Law No. 8,213/91 does not provide for any penalty to employers who maintain an active employment contract with an employee who receives the benefit arising from special retirement and continues to work in a hazardous environment. To date, no decisions have been located in which a sanction has been imposed on the employer for this reason.

The current laws and regulations provide for penalties only for workers who continue to work in a hazardous environment.

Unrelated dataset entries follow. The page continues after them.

Lemma ribbon_cells_row m : ribbon_cells [:: m] = [seq (0, c) | c <- iota 0 m].
Proof. by rewrite /ribbon_cells /= cats0. Qed.

Lemma nth_row_cells m i : i < m -> nth (0, 0) [seq (0, c) | c <- iota 0 m] i = (0, i).
Proof. by move=> h; rewrite (nth_map 0) ?size_iota // nth_iota. Qed.

Definition hook_cells (a b : nat) : seq (nat * nat) :=
  [seq (r, b) | r <- iota 0 a] ++ [seq (a, c) | c <- iota 0 b.+1].

Lemma size_hook_cells a b : size (hook_cells a b) = (a + b).+1.
Proof. by rewrite size_cat !size_map !size_iota addnS. Qed.

Lemma flatten_singletons (T U : Type) (f : T -> U) s :
  flatten [seq [:: f r] | r <- s] = map f s.
Proof. by elim: s => //= r s ->. Qed.

Lemma ribbon_cells_hook a b : ribbon_cells (nseq a 1 ++ [:: b.+1]) = hook_cells a b.
Proof.
rewrite /ribbon_cells size_cat size_nseq iotaD map_cat flatten_cat add0n.
congr (_ ++ _); last first.
  rewrite /= nth_cat size_nseq ltnn subnn /ribbon_start drop_cat size_nseq.
  by rewrite ltnNge leqnSn /= subSnn cats0.
rewrite -(flatten_singletons (fun r => (r, b))); congr flatten; apply/eq_in_map => r.
rewrite mem_iota add0n => /andP [_ hr].
rewrite nth_cat size_nseq hr nth_nseq hr /= /ribbon_start drop_cat size_nseq.
case: ltnP => h.
  by rewrite drop_nseq map_cat map_nseq sumn_cat sumn_nseq /= mul0n addn0 add0n addn0.
have ea : a = r.+1 by lia.
by subst a; rewrite subnn drop0 /= !addn0.
Qed.

Definition hook_cell (a b i : nat) : nat * nat :=
  if i < a then (i, b) else (a, i - a).

Lemma nth_hook_cells a b i : i <= a + b ->
  nth (0, 0) (hook_cells a b) i = hook_cell a b i.
Proof.
move=> h; rewrite /hook_cell nth_cat size_map size_iota; case: ltnP => hi.
  by rewrite (nth_map 0) ?size_iota // nth_iota.
by rewrite (nth_map 0) ?size_iota ?nth_iota //; lia.
Qed.

Section HookFillings.
Variables (a b q : nat) (g1 : {ffun 'I_a -> 'I_q}) (g2 : {ffun 'I_b -> 'I_q}) (v : 'I_q).

Definition hook_val (i : nat) : nat :=
  if i < a then fnat g1 i else if i < a + b then fnat g2 (i - a) else val v.

Lemma hook_fillingP :
  reflect (forall i j, i <= a + b -> j <= a + b ->
             fill_cond i j (hook_cell a b i) (hook_cell a b j) (hook_val i) (hook_val j))
          (fillingb (hook_cells a b) (ffun_snoc (ffun_cat g1 g2) v)).
Proof.
have fnat_hook i : i <= a + b -> fnat (ffun_snoc (ffun_cat g1 g2) v) i = hook_val i.
  move=> h; rewrite fnat_snoc fnat_cat /hook_val; case: (ltnP i (a + b)) => h1.
    by case: ltnP.
  have -> : i == a + b by apply/eqP; lia.
  by rewrite ltnNge (leq_trans (leq_addr b a) h1).
apply: (iffP (fillingP _ _)) => H i j hi hj.
  by have := H i j hi hj; rewrite !nth_hook_cells // !fnat_hook.
by rewrite !nth_hook_cells // !fnat_hook //; apply: H.
Qed.

Lemma hook_filling_chains :
  fillingb (hook_cells a b) (ffun_snoc (ffun_cat g1 g2) v) ->
  [&& chainb tcol g1, boundb (v + tcol v) g1, chainb odd g2 & boundb (v + odd v) g2].
Proof.
move/hook_fillingP => H; rewrite /hook_cell /hook_val in H.
apply/and4P; split.
- apply/chainP => i j hij hj; have := H i j ltac:(lia) ltac:(lia).
  by rewrite hj (ltn_trans hij hj); apply: fill_cond_col => //; lia.
- apply/boundP => i hi; have := H i (a + b) ltac:(lia) ltac:(lia).
  have e2 : (a + b < a) = false by lia.
  by rewrite hi e2 ltnn /= addKn; apply: fill_cond_col => //; lia.
- apply/chainP => i j hij hj; have := H (a + i) (a + j) ltac:(lia) ltac:(lia).
  have e1 : (a + i < a) = false by lia.
  have e2 : (a + j < a) = false by lia.
  have e3 : (a + i < a + b) by lia.
  have e4 : (a + j < a + b) by lia.
  by rewrite e1 e2 e3 e4 !addKn; apply: fill_cond_row => //; lia.
- apply/boundP => i hi; have := H (a + i) (a + b) ltac:(lia) ltac:(lia).
  have e1 : (a + i < a) = false by lia.
  have e2 : (a + b < a) = false by lia.
  have e3 : (a + i < a + b) by lia.
  by rewrite e1 e2 e3 ltnn !addKn; apply: fill_cond_row => //; lia.
Qed.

This is because, besides the employee having his benefit suspended, the INSS may also charge workers for amounts earned while working under these conditions, under the terms of article 255[6] of Normative Instruction No. 77/15, of the INSS. The legitimacy of such collection by the INSS was reiterated by Justice Dias Toffoli in his opinion in the judgment of Extraordinary Appeal No. 791.961. He added that the charge is retroactive, and should occur as of the date of granting of the benefit in cases where activity in a hazardous environment is maintained.

[1] Paragraph 8. The provisions of article 46 apply to insured persons who are retired under the terms of this article and who continue in the exercise of the activity or operation subjecting them to hazardous agents contained in the list referred to in article 58 of this Law.

[2] “The exercise of any work, trade, or profession is free, when the professional qualifications established by law have been met."

[3] Case TST-RR-11373-07.2014.5.15.0095

[4] “Spontaneous retirement of employees of publicly-traded companies and government-controlled companies is allowed as long as they meet the requirements of article 37, subsection XVI of the Constitution, and subject to the provision of an invitation conduct a public tender process."

[5] “Voluntary retirement terminates the employment contract, even when the employee continues to work at the company after the social security benefit is granted. Therefore, the penalty of 40% of the FGTS in relation to the period prior to retirement is not due."

[6] "The amounts unduly received shall be returned to the INSS, in the manner set forth in articles 154 and 365 of the RPS.”